И никто, даже самые древние староверы-коврижане, не помнят, когда Исеть из-под правого крутоярья вывернулась, вынырнула из косматых тальников на солнечно-зеленое разлужье равнины у деревни Ячменево и, наверное, как та первая русская женщина из ельниковой темноты Севера всплеснула голубыми рукавами:

— Батюшки! Воля-волюшка какая, красота-то какая неоглядная!

Опустила-развела рукава и обняла руками длинный остров с пышным круглым холмом посредине — ни дать, ни взять коврига ржаная, только-только вынутая с вольного жара печного пода! Вот село над правой «рукой» реки и назвали первопоселенцы Коврига, а луговину, где развела рукава Исеть, окрестили Девичья коса. Когда это было, когда? Но и ныне по июльской жаре выпекает солнце ржаную ковригу, и манит она к себе на цветочно-льняную скатерть, на мягко-русую речную косу. Побыть на ней просто так, и то душе и мыслям отдых, а если с удочкой сесть — нет конца рыбацкому интересу.
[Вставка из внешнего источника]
Definition vertexR (y : Rbar) (I : cellR) : Prop :=
  match I with
  | Ioc u v => y = Fin u \/ y = Fin v
  | Iinf v => y = NInf \/ y = Fin v
  | Isup u => y = Fin u \/ y = PInf
  end.

Definition fineR (delta : Rbar -> R) (y : Rbar) (I : cellR) : Prop :=
  match I with
  | Ioc u v => v - u < delta y
  | Iinf v => y = NInf /\ v < - / delta y
  | Isup u => y = PInf /\ u > / delta y
  end.

(* Cells of R_{T.P} = prod_{p in P} R^T :
   I = prod_{p in NP} (prod_{t in NT p} Ic p t x R^{T \ NT p}) x prod_{p notin NP} R^T. *)
Record cellTP (T P : Type) : Type := mkCellTP {
  cNP : list P;
  cNT : P -> list T;
  cI  : P -> T -> cellR
}.
Arguments cNP {T P}. Arguments cNT {T P}. Arguments cI {T P}.

Definition cellTP_ok {T P} (I : cellTP T P) : Prop :=
  forall p t, In p (cNP I) -> In t (cNT I p) -> cellR_ok (cI I p t).

Definition in_cellTP {T P} (x : P -> T -> R) (I : cellTP T P) : Prop :=
  forall p t, In p (cNP I) -> In t (cNT I p) -> in_cellR (x p t) (cI I p t).

Definition assocTP {T P} (x : P -> T -> Rbar) (I : cellTP T P) : Prop :=
  forall p t, In p (cNP I) -> In t (cNT I p) -> vertexR (x p t) (cI I p t).

Definition gamma_fine {T P}
    (L : (P -> T -> Rbar) -> list P)
    (Lp : P -> (T -> Rbar) -> list T)
    (delta : P -> T -> Rbar -> R)
    (x : P -> T -> Rbar) (I : cellTP T P) : Prop :=
  incl (L x) (cNP I) /\
  (forall p, In p (cNP I) -> incl (Lp p (x p)) (cNT I p)) /\
  (forall p t, In p (cNP I) -> In t (cNT I p) -> fineR (delta p t) (x p t) (cI I p t)).

Definition divisionTP {T P} (D : list ((P -> T -> Rbar) * cellTP T P)) : Prop :=
  (forall xI, In xI D -> cellTP_ok (snd xI) /\ assocTP (fst xI) (snd xI)) /\
  (forall i j, (i < length D)%nat -> (j < length D)%nat -> i <> j ->
     forall d (z : P -> T -> R),
       in_cellTP z (snd (nth i D d)) -> in_cellTP z (snd (nth j D d)) -> False) /\
  (forall z : P -> T -> R, exists xI, In xI D /\ in_cellTP z (snd xI)).

Definition countably_infinite (X : Type) : Prop :=
  exists f : nat -> X, (forall a b, f a = f b -> a = b) /\ (forall x, exists n, f n = x).

(* On the line, Cousin's lemma follows
   from a supremum argument.  A product of countably many factors, each of which
   admits fine divisions, is handled by a Koenig-type argument: if the whole
   space had no fine division, one could choose, coordinate after coordinate, a
   cell of a fixed division of that coordinate so that every finite
   intersection is still not divisible; but the finitely many coordinates
   demanded by the gauge at the resulting tag are exhausted at some finite
   stage, where that intersection is itself a single fine cell.  Applying the
   product step to R^T and then to (R^T)^P gives the theorem. *)
From Stdlib Require Import Reals List Lra Lia Classical ClassicalEpsilon.
Import ListNotations.
Open Scope R_scope.

Lemma ForallOrdPairs_impl {A} (R1 R2 : A -> A -> Prop) (l : list A) :
  (forall a b, R1 a b -> R2 a b) -> ForallOrdPairs R1 l -> ForallOrdPairs R2 l.
Proof.
  intros H12 Hl; induction Hl as [|a l Ha Hl IH]; constructor; auto.
  exact (Forall_impl _ (H12 a) Ha).
Qed.

Lemma ForallOrdPairs_app {A} (R : A -> A -> Prop) (l1 l2 : list A) :
  ForallOrdPairs R l1 -> ForallOrdPairs R l2 ->
  (forall a b, In a l1 -> In b l2 -> R a b) -> ForallOrdPairs R (l1 ++ l2).
Proof.
  induction 1 as [|a l1 Ha Hl1 IH]; intros Hl2 Hcross; simpl; auto.
  constructor.
  - apply Forall_app; split; auto.
    apply Forall_forall; intros b Hb; apply Hcross; simpl; auto.
  - apply IH; auto. intros; apply Hcross; simpl; auto.
Qed.

Lemma ForallOrdPairs_nth {A} (R : A -> A -> Prop) (l : list A) (d : A) :
  (forall a b, R a b -> R b a) -> ForallOrdPairs R l ->
  forall i j, (i < length l)%nat -> (j < length l)%nat -> i <> j ->
  R (nth i l d) (nth j l d).
Proof.
  intros Hsym Hl; induction Hl as [|a l Ha Hl IH]; intros i j Hi Hj Hij;
    simpl in *; [lia|].
  rewrite Forall_forall in Ha.
  destruct i as [|i], j as [|j]; [lia| | |apply IH; lia].
  - apply Ha, nth_In; lia.
  - apply Hsym, Ha, nth_In; lia.
Qed.

Lemma le_list_max {A} (g : A -> nat) (l : list A) (x : A) :
  In x l -> (g x <= list_max (map g l))%nat.
Proof.
  intros Hx.
  pose proof (proj1 (list_max_le (map g l) _) (le_n _)) as Hle.
  rewrite Forall_forall in Hle. apply Hle, in_map, Hx.
Qed.

Lemma countably_infinite_enum (X : Type) : countably_infinite X ->
  exists (f : nat -> X) (g : X -> nat),
    (forall x, f (g x) = x) /\ (forall k, g (f k) = k).
Proof.
  intros [f [f_inj f_surj]].
  destruct (choice (fun x k => f k = x) f_surj) as [g fK].
  exists f, g; split; [exact fK|intros k; apply f_inj, fK].
Qed.

Section Divisions.
Variables (Z C : Type) (inC : Z -> C -> Prop) (okC : C -> Prop).

Definition disjoint_cells (a b : C) : Prop := forall z, inC z a -> inC z b -> False.

Definition divisible (Rg : Z -> Prop) : Prop :=
  exists D : list C, (forall c, In c D -> okC c) /\
    ForallOrdPairs disjoint_cells D /\
    (forall z, Rg z <-> exists c, In c D /\ inC z c).

Lemma divisible_ext (R1 R2 : Z -> Prop) :
  (forall z, R1 z <-> R2 z) -> divisible R1 -> divisible R2.
Proof.
  intros H12 [D [Hok [Hdisj Hcov]]].
  exists D; split; [exact Hok|split; [exact Hdisj|]].
  intros z; rewrite <- H12; apply Hcov.
Qed.

Lemma divisible_empty : divisible (fun _ => False).
Proof.
  exists []; split; [intros c []|split; [constructor|]].
  intros z; split; [intros []|intros [c [[] _]]].
Qed.

Lemma divisible_cell (c : C) : okC c -> divisible (fun z => inC z c).
Proof.
  intros Hc; exists [c]; split; [intros c' [<-|[]]; exact Hc|split].
  - repeat constructor.
  - intros z; split; [intros Hz; exists c; simpl; auto|intros [c' [[<-|[]] Hz]]; exact Hz].
Qed.

Lemma divisible_union (A B : Z -> Prop) :
  divisible A -> divisible B -> (forall z, A z -> B z -> False) ->
  divisible (fun z => A z \/ B z).
Proof.
  intros [D1 [Hok1 [Hdisj1 Hcov1]]] [D2 [Hok2 [Hdisj2 Hcov2]]] HAB.
  exists (D1 ++ D2); split; [|split].
  - intros c Hc; apply in_app_or in Hc as [Hc|Hc]; auto.
  - apply ForallOrdPairs_app; auto.
    intros a b Ha Hb z Hza Hzb.
    apply (HAB z); [apply Hcov1|apply Hcov2]; eauto.
  - intros z; split.
    + intros [Hz|Hz]; [apply Hcov1 in Hz|apply Hcov2 in Hz];
        destruct Hz as [c [Hc Hz]]; exists c; split; auto; apply in_or_app; auto.
    + intros [c [Hc Hz]]; apply in_app_or in Hc as [Hc|Hc];
        [left; apply Hcov1|right; apply Hcov2]; eauto.
Qed.

Lemma divisible_split {A} (reg : A -> Z -> Prop) (l : list A) (Rg : Z -> Prop) :
  ForallOrdPairs (fun a b => forall z, reg a z -> reg b z -> False) l ->
  (forall z, exists a, In a l /\ reg a z) ->
  (forall a, In a l -> divisible (fun z => Rg z /\ reg a z)) -> divisible Rg.
Proof.
  intros Hdisj Hcov Hpieces.
  enough (Hl : divisible (fun z => Rg z /\ exists a, In a l /\ reg a z)).
  { revert Hl; apply divisible_ext; intros z; split; [tauto|split; auto]. }
  clear Hcov; induction Hdisj as [|a l Ha Hl IH].
  - apply (divisible_ext (fun _ => False)); [|exact divisible_empty].
    intros z; split; [tauto|intros [_ [a [[] _]]]].
  - apply (divisible_ext (fun z => (Rg z /\ reg a z) \/
                                   (Rg z /\ exists b, In b l /\ reg b z))).
    + intros z; simpl; split.
      * intros [[HR Hz]|[HR [b [Hb Hz]]]]; eauto.
      * intros [HR [b [[<-|Hb] Hz]]]; eauto.
    + rewrite Forall_forall in Ha.
      apply divisible_union.
      * apply Hpieces; simpl; auto.
      * apply IH; intros; apply Hpieces; simpl; auto.
      * intros z [_ Hza] [_ [b [Hb Hzb]]]; exact (Ha b Hb z Hza Hzb).
Qed.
С песчано-твердого дна солидно берут матерые седоусые пескари, мертвой хваткой топят поплавки коренастые ерши, а на стреже звонко клюют черноглазые ельцы и слепит-скрадывает взор крупная плотва. Если влево на глубь у коряжин-задев забросить удочку — жди удалую ватагу окуней. Шлепнется окунь на траву-гусиную лапку и… вроде бы, не рыбина, а крестьянин-хлебопашец в прочной домотканой одежке.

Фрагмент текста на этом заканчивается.